In "2012" Pinchbeck capitalizes on two heavy cultural phenomena, one contemporary and the other ancient. A smart student of cultural trends, he rides the cresting, recent wave of renewed psychedelic research, entheogenic studies and self-experimentation; and as New Age Consciousness Wonk he also invokes the ancient, time-tested vehicles/archetypes of Prophet of Doom and End of World Preacher (though Pinchbeck's Apocalyse is of a particularly unspecific, vague, and metaphysical nature, when he is challenged about it; he will not tell you what the Apocalypse is, and he does not hesitate from using that undefined fear to sell books).

To these two Main Ingredients he tosses in a few smidgeons of UFO Religion, a morsel of Goddess spirituality, and a pinchbeck of post-modern neo-Mayanism (nothing like a dead religion; no living followers to challenge half-baked modern interpretation and misappropriation by the white man).
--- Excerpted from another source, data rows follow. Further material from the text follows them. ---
Lemma orbit_graph_act g x : g \in G -> B (to x g) = to^* (B x) g.
Proof. by move=> Gg; rewrite setact_orbit_norm // (subsetP (normal_norm nsNG)). Qed.

Lemma edge_in_orbit_cover x y : e x y -> B x = B y -> D \subset B x.
Proof.
move=> exy Bxy; apply: connected_sub (edge_dom gr exy) (orbit_refl _ _ _) _.
move=> _ w' /orbit_eqP <- /(graph_arc_transitive gr exy)[g Gg [<- <-]].
by rewrite orbit_graph_act // Bxy mem_setact ?orbit_refl.
Qed.

Lemma neighbours_in_orbit x y y' : e x y -> e x y' -> y != y' -> B y = B y' ->
  {subset [set w | e x w] <= B y}.
Proof.
move=> exy exy' yy' Byy'; set Nx := [set w | e x w].
pose class u := [set w in Nx | B u == B w].
have class_act g u : g \in G -> to x g = x -> to^* (class u) g \subset class (to u g).
  move=> Gg gx; apply/subsetP => _ /imsetP[w /setIdP[Nxw /eqP Buw] ->].
  move: Nxw; rewrite !inE => exw.
  by rewrite -{1}gx (graph_aut gr Gg) exw !orbit_graph_act // Buw eqxx.
have class_card z : z \in Nx -> #|class z| = #|class y|.
  rewrite inE => exz; have [g Gg [gx gy]] := graph_arc_transitive gr exy exz.
  have g'x : to x g^-1 = x by rewrite -{1}gx actK.
  have g'z : to z g^-1 = y by rewrite -gy actK.
  have le_zy : #|class z| <= #|class y|.
    by rewrite -(card_setact to _ g^-1) subset_leq_card // -g'z class_act ?groupV.
  have le_yz : #|class y| <= #|class z|.
    by rewrite -(card_setact to _ g) subset_leq_card // -gy class_act.
  by apply/eqP; rewrite eqn_leq le_zy le_yz.
(* The stabiliser of x permutes the classes transitively, so they all have the
   size of class y, which thus divides the prime p. *)
have card_Nx : #|Nx| = (#|preim_partition B Nx| * #|class y|)%N.
  apply: card_uniform_partition (preim_partitionP B Nx).
  by move=> _ /imsetP[z Nxz ->]; apply: class_card.
have class_gt1 : 1 < #|class y|.
  rewrite (cardsD1 y) !inE exy eqxx ltnS card_gt0; apply/set0Pn; exists y'.
  by rewrite !inE eq_sym yy' exy' Byy' eqxx.
have class_Nx : class y = Nx.
  have sub : class y \subset Nx by apply/subsetP => w /setIdP[].
  apply/eqP; rewrite eqEcard sub (graph_valency gr (edge_dom gr exy)).
  have : #|class y| %| p by rewrite -(graph_valency gr (edge_dom gr exy)) card_Nx dvdn_mull.
  by move/(prime_nt_dvdP p_pr); rewrite (gtn_eqF class_gt1) => /(_ isT) ->; rewrite leqnn.
by move=> w; rewrite -class_Nx inE => /andP[_ /eqP ->]; apply: orbit_refl.
Qed.

Lemma neighbours_sub_orbit v c u : {subset [set w | e v w] <= B c} ->
  u \in B v -> {subset [set w | e u w] <= B c}.
Proof.
move=> sub /orbitP[n Nn <-] w; rewrite inE graph_autV ?(subsetP (normal_sub nsNG)) // => evw.
by rewrite -(orbit_actr _ _ _ (groupVr Nn)) sub // inE.
Qed.

Hypothesis not_two_orbits : forall a b, a \in D -> b \in D -> ~~ (D \subset B a :|: B b).

Lemma neighbour_orbit_inj x y y' : e x y -> e x y' -> B y = B y' -> y = y'.
Proof.
move=> exy exy' Byy'; apply/eqP/negPn/negP => yy'.
(* Otherwise the orbits of x and y would swallow each other's neighbourhoods and
   cover the connected graph. *)
have sub_x := neighbours_in_orbit exy exy' yy' Byy'.
have sub_y : {subset [set w | e y w] <= B x}.
  have [g Gg [gx gy]] := graph_arc_transitive gr exy (etrans (edge_sym gr y x) exy).
  move=> w; rewrite inE -gx graph_autV // => exw.
  have : to w g^-1 \in B y by apply: sub_x; rewrite inE.
  by move/(mem_setact to g); rewrite actKV -orbit_graph_act // gy.
case/negP: (not_two_orbits (edge_dom gr exy) (edge_domr exy)).
apply: (connected_sub (edge_dom gr exy)); first by rewrite inE orbit_refl.
move=> w w' /setUP[] Bw eww'; rewrite inE.
  by rewrite (neighbours_sub_orbit sub_x Bw) ?orbT // inE.
by rewrite (neighbours_sub_orbit sub_y Bw) // inE.
Qed.

Lemma stab_sub_kernel x : x \in D -> 'C_N[x | to] \subset 'C(D | to).
Proof.
move=> Dx; apply/subsetP => n /setIP[Nn /astab1P xn]; apply/astabP => z Dz.
have Gn := subsetP (normal_sub nsNG) n Nn.
have : D \subset [set z | to z n == z].
  apply: (connected_sub Dx); first by rewrite inE xn.
  move=> w w'; rewrite !inE => /eqP wn eww'; apply/eqP/esym.
  by apply: (neighbour_orbit_inj eww'); rewrite ?orbit_act // -{1}wn (graph_aut gr Gn).
by move/subsetP/(_ z Dz); rewrite inE => /eqP.
Qed.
And Bam! You got your basic Pinchbeck layer cake. Throw in some hints to the ladies that his guru stud services are available, and there's your frosting. But this rock and roll psychedelic celebrity cake, though loaded with calories, has zero nutritional value. Its only purpose is to put Pinchbeck on the lecture circuit and generate fame at Burning Man and a New York bohemia notable mention. Bon Apetit!

In a little more detail . . .

When I spend time reading about psychedelic culture, I want to read something original. Instead we get in "2012" highly secondary and derivative ramblings about a dozen different ideas originated and popularized by other people.

2012 as a psychedelic focus was popularized by Terence McKenna. Pinchbeck is no McKenna.